I've heard good things about:
http://simplehtmldom.sourceforge.net/
Re: regex - extract data from web page
Posted: Tue Jun 23, 2009 12:09 pm
by PM2008
You want to extract everything betwen the pairs of
<pre....>
and
</pre>
. Let's make it more general and make it case insensitive. I am using a local file "file.html", but you can substitute a URL in its place like "
http://xxx.yyy.zzz..." . It will work the exact same way.
Use the sen and stex commands. sen command counts the number of instances of a search string. stex command extracts around a search string. Use regular expression with -r option. Make our search string cases insensitive with the -c option.
Search string is <pre&\>&</pre\> . Searh string is enclosed in ^^.
In regular expressions, & means any number of any characters. Character > is part of the search string. But, it is a regular expression special character, so we will backspace it.
Here is the little script.
Code: Select all
# Script extract.txt
var str html ; cat "file.html" > $html
while ( { sen -c -r "^<pre&\>&</pre\>^" $html } > 0 )
do
var str out ; stex -c -r "^<pre&\>&</pre\>^" $html > $out
stex -c -r "^<pre&\>^]" $out > null ; stex -c -r "[^</pre\>^" $out > null
echo $out
done
Script is in biterscripting. To try,
1. Save the script as C:\extract.txt.
2. Download biterscripting from
http://www.biterscripting.com.
3. Start biterscripting.
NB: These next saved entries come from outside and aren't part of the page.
Lemma exp_orthogonal_fourier_zero_fst :
  l.2 = l'.2 -> exp_orthogonal mu l l' -> fourier_zero mu fst (2 * pi * (l.1 - l'.1)).
Proof.
move=> l2E [C0 S0].
have dotE x : 2 * pi * dotR2 (l - l') x = 2 * pi * (l.1 - l'.1) * x.1.
  by rewrite /dotR2 /= l2E subrr mul0r addr0 mulrA.
by split; rewrite /Rintegral; under eq_integral do rewrite -dotE; rewrite ?C0 ?S0.
Qed.
End orthogonality.

Theorem proposition4p1 (R : realType) (q1 q2 : nat)
    (mu : probability (R * R)%type R) (Lam : set (R * R)) :
  (1 <= q1)%N -> (q1 <= q2)%N ->
  is_sierpinski_measure q1 q2 mu ->
  orthogonal_set mu Lam ->
  forall l l', Lam l -> Lam l' -> l <> l' -> l.1 <> l'.1 /\ l.2 <> l'.2.
Proof.
move=> q1_gt0 q12 mu_sier [_ orth] l l' Ll Ll' ll'.
have q2_gt0 : (0 < q2)%N := leq_trans q1_gt0 q12.
have {}orth := orth l l' Ll Ll' ll'.
split=> [l1E|l2E].
- apply: (not_fourier_zero measurable_snd (sier_scale_gt1 R q2_gt0)
    (sierpinski_Rintegral_snd q1_gt0 q2_gt0 mu_sier)).
  exact: exp_orthogonal_fourier_zero_snd l1E orth.
- apply: (not_fourier_zero measurable_fst (sier_scale_gt1 R q1_gt0)
    (sierpinski_Rintegral_fst q1_gt0 q2_gt0 mu_sier)).
  exact: exp_orthogonal_fourier_zero_fst l2E orth.
Qed.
Run the extract script by entering the following command.
script "C:\extract.txt"
Patrick
Re: regex - extract data from web page
Posted: Thu Jun 25, 2009 10:45 am
by prometheuzz
PM2008 wrote:You want to extract everything betwen the pairs of
<pre....>
and
</pre>
. Let's make it more general and make it case insensitive. I am using a local file "file.html", but you can substitute a URL in its place like "
http://xxx.yyy.zzz..." . It will work the exact same way.
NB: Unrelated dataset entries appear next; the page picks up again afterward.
Lemma word_subst_cat h u v : word_subst h (u ++ v) = word_subst h u ++ word_subst h v.
Proof. by rewrite /word_subst map_cat flatten_cat. Qed.

Lemma word_subst_cons h l w : word_subst h (l :: w) = letter_subst h l ++ word_subst h w.
Proof. by []. Qed.

Lemma word_subst1 h g : word_subst h (word1 g) = h g.
Proof. by rewrite /word_subst /= cats0. Qed.

Lemma word_subst_inv h w : word_subst h (word_inv w) = word_inv (word_subst h w).
Proof.
elim: w => [|[g b] w IH] //=.
rewrite word_inv_cons word_subst_cat IH word_subst_cons word_inv_cat.
by rewrite /word_subst /= cats0 /letter_subst /=; case: b; rewrite ?word_invK.
Qed.

Lemma word_subst_core h y x :
  word_subst h (core_word y x) = core_word (word_subst h y) (word_subst h x).
Proof. by rewrite /core_word !word_subst_cat word_subst_inv. Qed.

Lemma word_subst_core_iter h y x m :
  word_subst h (core_iter y x m) = core_iter (word_subst h y) (word_subst h x) m.
Proof. by rewrite /core_iter; case: odd; rewrite ?word_subst_core. Qed.

Lemma word_subst_crossing_word h y x z :
  word_subst h (crossing_word y x z) = core_word (h y) (h x) ++ word_inv (h z).
Proof.
by rewrite crossing_wordE word_subst_cat word_subst_core word_subst_inv !word_subst1.
Qed.

Lemma wequiv_subst_crossing_word R h y x z y' x' z' :
  wequiv R (h y) (word1 y') -> wequiv R (h x) (word1 x') -> wequiv R (h z) (word1 z') ->
  wequiv R (word_subst h (crossing_word y x z)) (crossing_word y' x' z').
Proof.
move=> *; rewrite word_subst_crossing_word crossing_wordE.
by apply: wequiv_cat; [exact: wequiv_core | exact: wequiv_inv].
Qed.

Lemma wequiv_subst R1 R2 h :
  (forall r, R1 r -> wequiv R2 (word_subst h r) [::]) ->
  forall u v, wequiv R1 u v -> wequiv R2 (word_subst h u) (word_subst h v).
Proof.
move=> hR u v; elim=> {u v} [w|u v _ IH|u v w _ IH1 _ IH2|u v g b|u v r Hr].
- exact: we_refl.
- exact: we_sym.
- exact: we_trans IH2.
- rewrite !word_subst_cat; apply: wequiv_cat; first exact: we_refl.
  have -> : (g, b) :: (g, ~~ b) :: v = [:: (g, b); (g, ~~ b)] ++ v by [].
  rewrite word_subst_cat.
  have Hgg : wequiv R2 (word_subst h [:: (g, b); (g, ~~ b)]) [::].
    rewrite /word_subst /= cats0 /letter_subst /=.
    by case: b; [exact: wequiv_Vmul | exact: wequiv_mulV].
  by have := wequiv_ctx [::] (word_subst h v) Hgg.
- rewrite !word_subst_cat; apply: wequiv_cat; first exact: we_refl.
  by have := wequiv_ctx [::] (word_subst h v) (hR r Hr).
Qed.

Lemma over_gens_cat P u v : over_gens P (u ++ v) = over_gens P u && over_gens P v.
Proof. exact: all_cat. Qed.

Lemma over_gens_inv P w : over_gens P (word_inv w) = over_gens P w.
Proof. by rewrite /over_gens /word_inv all_rev all_map. Qed.

Lemma over_gens_subst (P1 P2 : pred gen) h :
  (forall g, P1 g -> over_gens P2 (h g)) ->
  forall u, over_gens P1 u -> over_gens P2 (word_subst h u).
Proof.
move=> hP; elim=> [|[g b] w IH] //= /andP[Hg Hw].
rewrite word_subst_cons over_gens_cat IH // andbT /letter_subst.
by case: b; rewrite ?over_gens_inv hP.
Qed.

Lemma word_subst_id R (P : pred gen) h :
  (forall g, P g -> wequiv R (h g) (word1 g)) ->
  forall u, over_gens P u -> wequiv R (word_subst h u) u.
Proof.
move=> hg; elim=> [|[g b] w IH] /=; first by move=> _; exact: we_refl.
move=> /andP[Hg Hw]; rewrite word_subst_cons -cat1s.
apply: wequiv_cat; last exact: IH.
rewrite /letter_subst /=; case: b; last exact: hg.
exact: wequiv_inv (hg g Hg).
Qed.

Lemma word_subst_comp h h' u :
  word_subst h' (word_subst h u) = word_subst (fun g => word_subst h' (h g)) u.
Proof.
elim: u => [|l u IH] //; rewrite !word_subst_cons word_subst_cat IH.
by rewrite /letter_subst; case: l.2; rewrite ?word_subst_inv.
Qed.

Lemma pres_iso_sym (P1 : pred gen) R1 (P2 : pred gen) R2 :
  pres_iso P1 R1 P2 R2 -> pres_iso P2 R2 P1 R1.
Proof. by case=> phi [psi [? [? [? [? [? [? [? ?]]]]]]]]; exists psi, phi. Qed.

Lemma pres_iso_subst (P1 : pred gen) R1 (P2 : pred gen) R2 h h' :
  (forall g, P1 g -> over_gens P2 (h g)) ->
  (forall g, P2 g -> over_gens P1 (h' g)) ->
  (forall r, R1 r -> wequiv R2 (word_subst h r) [::]) ->
  (forall r, R2 r -> wequiv R1 (word_subst h' r) [::]) ->
  (forall g, P1 g -> wequiv R1 (word_subst h' (h g)) (word1 g)) ->
  (forall g, P2 g -> wequiv R2 (word_subst h (h' g)) (word1 g)) ->
  pres_iso P1 R1 P2 R2.
Proof.
move=> o1 o2 r1 r2 c1 c2.
exists (word_subst h), (word_subst h').
do 2 (split; first exact: over_gens_subst).
do 2 (split; first by move=> u v _ _; apply: wequiv_subst).
do 2 (split; first by move=> u v _ _; rewrite word_subst_cat; exact: we_refl).
split=> u Hu; rewrite word_subst_comp; apply: word_subst_id Hu.
- exact: c1.
- exact: c2.
Qed.

Notation comp D i := (nth [::] D i).
(* Out of range, [ev] returns an over-passage. *)
Notation ev s j := (nth (0, true) s j).
Notation all_over := (all (fun e : event => e.2)).

Definition first_under (t : seq event) : option nat :=
  if [seq e <- t | ~~ e.2] is e :: _ then Some e.1 else None.

Definition arc_of_under (o : option nat) (i : nat) : gen :=
  if o is Some c then inl c else inr i.

(* The arc of component [i] (with code [s]) through the gap just before position [g]:
   read [s] backwards, cyclically, from position [g - 1]. *)
Definition gap_arc (s : seq event) (i g : nat) : gen :=
  arc_of_under (first_under (rev (take g s) ++ rev (drop g s))) i.

Lemma arc_afterE D i p : arc_after D i p = gap_arc (comp D i) i p.+1.
Proof. by rewrite /arc_after /gap_arc /first_under; case: filter. Qed.

Lemma first_under_cat u v :
  first_under (u ++ v) = if first_under u is Some c then Some c else first_under v.
Proof. by rewrite /first_under filter_cat; case: filter. Qed.

Lemma first_under_cons e u : first_under (e :: u) = if e.2 then first_under u else Some e.1.
Proof. by rewrite /first_under /=; case: e => c []. Qed.

Lemma first_under_NoneP t : first_under t = None <-> all_over t.
Proof.
elim: t => [|[c b] t IH] //; rewrite first_under_cons /=.
by case: b => //=; split.
Qed.

Lemma first_under_mem t c : first_under t = Some c -> (c, false) \in t.
Proof.
elim: t => [|[c' b] t IH] //; rewrite first_under_cons in_cons /=.
by case: b => [/IH ->|[<-]]; rewrite ?orbT ?eqxx.
Qed.

Lemma all_over_rotate s g : all_over (rev (take g s) ++ rev (drop g s)) = all_over s.
Proof. by rewrite all_cat !all_rev -all_cat cat_take_drop. Qed.

Lemma gap_arc_step s i g : g < size s ->
  gap_arc s i g.+1 = if (ev s g).2 then gap_arc s i g else inl (ev s g).1.
Proof.
move=> Hg; rewrite /gap_arc (take_nth (0, true) Hg) (drop_nth (0, true) Hg).
rewrite rev_rcons rev_cons /= first_under_cons.
case: ifP => He //; rewrite -cats1 catA [in RHS]first_under_cat.
by case: first_under => //; rewrite first_under_cons He.
Qed.

Lemma gap_arc_size s i : gap_arc s i (size s) = gap_arc s i 0.
Proof. by rewrite /gap_arc take_size drop_size take0 drop0 /= cats0. Qed.

Lemma gap_arc_prev s i j : j < size s ->
  gap_arc s i ((j + size s).-1 %% size s).+1 = gap_arc s i j.
Proof.
case: j => [|j] Hj.
  by rewrite add0n modn_small prednK ?gap_arc_size //; lia.
by rewrite addSn /= modnDr modn_small //; lia.
Qed.

Lemma gap_arc_all_over s i g : all_over s -> gap_arc s i g = inr i.
Proof. by rewrite -(all_over_rotate s g) -first_under_NoneP /gap_arc => ->. Qed.

Lemma gap_arc_inr s i g j : gap_arc s i g = inr j -> j = i /\ all_over s.
Proof.
rewrite /gap_arc /arc_of_under; case E: first_under => [c|] // [<-].
by split => //; rewrite -(all_over_rotate s g) -first_under_NoneP.
Qed.

Lemma gap_arc_over_run (s : seq event) i p len : p + len <= size s ->
  (forall k, k < len -> (ev s (p + k)).2) ->
  forall k, k <= len -> gap_arc s i (p + k) = gap_arc s i p.
Proof.
move=> Hs Ho; elim=> [|k IH] Hk; first by rewrite addn0.
rewrite addnS gap_arc_step; last lia.
by rewrite Ho ?IH //; lia.
Qed.

Lemma mem_flatten_nth D x : x \in flatten D ->
  exists i j, [/\ i < size D, j < size (comp D i) & ev (comp D i) j = x].
Proof.
case/flattenP => s Hs Hx; exists (index s D), (index x s).
by rewrite index_mem Hs nth_index // index_mem Hx nth_index.
Qed.

Lemma nth_mem_flatten D i j : i < size D -> j < size (comp D i) ->
  ev (comp D i) j \in flatten D.
Proof. by move=> Hi Hj; apply/flattenP; exists (comp D i); exact: mem_nth. Qed.

Lemma is_arc_gap_arc D i g : i < size D -> is_arc D (gap_arc (comp D i) i g).
Proof.
move=> Hi; rewrite /gap_arc /arc_of_under; case E: first_under => [c|] /=.
  have := first_under_mem E; rewrite mem_cat !mem_rev => H.
  apply/flattenP; exists (comp D i); first exact: mem_nth.
  by case/orP: H => [/mem_take|/mem_drop].
by rewrite Hi -(all_over_rotate _ g) -first_under_NoneP.
Qed.

Definition crossing_relator (D : gcode) (i j i' j' c : nat) : word :=
  crossing_word (gap_arc (comp D i') i' j'.+1) (gap_arc (comp D i) i j) (inl c).

Definition crossing_at (D : gcode) (i j i' j' c : nat) : Prop :=
  [/\ i < size D, j < size (comp D i), ev (comp D i) j = (c, false),
      i' < size D /\ j' < size (comp D i') & ev (comp D i') j' = (c, true)].

Lemma is_relatorP D r : is_relator D r <->
  exists i j i' j' c, crossing_at D i j i' j' c /\ r = crossing_relator D i j i' j' c.
Proof.
split.
  case=> i [j [i' [j' [c [[Hi Hj] Hu [Hi' Hj'] Ho Hr]]]]].
  exists i, j, i', j', c; split.
    by split => //; rewrite (set_nth_default (0, false)).
  by rewrite Hr /= !arc_afterE gap_arc_prev // (gap_arc_step i Hj) Hu.
case=> i [j [i' [j' [c [[Hi Hj Hu [Hi' Hj'] Ho] ->]]]]].
exists i, j, i', j', c; split => //; first by rewrite (set_nth_default (0, true)).
by rewrite /= /crossing_relator !arc_afterE gap_arc_prev // (gap_arc_step i Hj) Hu.
Qed.

Definition seq_ins (s : seq event) (q : nat) (X : seq event) : seq event :=
  take q s ++ X ++ drop q s.

Lemma size_seq_ins s q X : q <= size s -> size (seq_ins s q X) = size s + size X.
Proof. by move=> Hq; rewrite /seq_ins !size_cat size_takel // size_drop; lia. Qed.

Lemma nth_seq_ins s q X J d : q <= size s ->
  nth d (seq_ins s q X) J =
  if J < q then nth d s J else if J < q + size X then nth d X (J - q)
  else nth d s (J - size X).
Proof.
move=> Hq; rewrite /seq_ins nth_cat size_takel //.
case: ifP => HJ; first by rewrite nth_take.
rewrite nth_cat; case: ifP => HJ2; case: ifP => HJ3 //; try lia.
by rewrite nth_drop; congr nth; lia.
Qed.

Lemma seq_split3 (s : seq event) g q : g <= q -> q <= size s ->
  exists u w v, [/\ s = u ++ w ++ v, size u = g & size (u ++ w) = q].
Proof.
move=> Hgq Hq; exists (take g s), (drop g (take q s)), (drop q s); split.
- by rewrite catA -{1}(take_takel s Hgq) !cat_take_drop.
- by rewrite size_takel //; lia.
- by rewrite -{1}(take_takel s Hgq) cat_take_drop size_takel.
Qed.

Lemma seq_ins_cat u v X : seq_ins (u ++ v) (size u) X = u ++ X ++ v.
Proof. by rewrite /seq_ins take_size_cat ?drop_size_cat. Qed.

Lemma seq_ins_comm s p1 p2 X Y : p2 <= p1 -> p1 <= size s ->
  seq_ins (seq_ins s p1 X) p2 Y = seq_ins (seq_ins s p2 Y) (p1 + size Y) X.
Proof.
move=> H21 H1; case: (seq_split3 H21 H1) => u [w [v [-> <- <-]]].
rewrite catA seq_ins_cat -catA seq_ins_cat -catA seq_ins_cat.
have -> : size (u ++ w) + size Y = size (u ++ Y ++ w) by rewrite !size_cat; lia.
by rewrite !catA seq_ins_cat -!catA.
Qed.

(* Inserting a block [X] into a gap whose arc is [a] only renames arcs by cutting [a]:
   the part of [a] after [X] becomes the arc of the last under-crossing of [X]. *)
Definition arc_renamed (X : seq event) (a new old : gen) : Prop :=
  new = old \/ exists c, first_under (rev X) = Some c /\ new = inl c /\ old = a.

Lemma arc_renamed_all_over X a new old :
  all_over X -> arc_renamed X a new old -> new = old.
Proof.
move=> HX [//|[c [Hc _]]].
by move: Hc; have /first_under_NoneP -> : all_over (rev X) by rewrite all_rev.
Qed.

Lemma gap_arc_cat a b i :
  gap_arc (a ++ b) i (size a) = arc_of_under (first_under (rev a ++ rev b)) i.
Proof. by rewrite /gap_arc take_size_cat // drop_size_cat. Qed.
Use the sen and stex commands. sen command counts the number of instances of a search string. stex command extracts around a search string. Use regular expression with -r option. Make our search string cases insensitive with the -c option.
Search string is <pre&\>&</pre\> . Searh string is enclosed in ^^.
In regular expressions, & means any number of any characters. Character > is part of the search string. But, it is a regular expression special character,
No, that is not correct. In PCRE engines (PHP's preg_ functions are PCRE: Perl Compatible REgex), the '<' nor '>' are special characters.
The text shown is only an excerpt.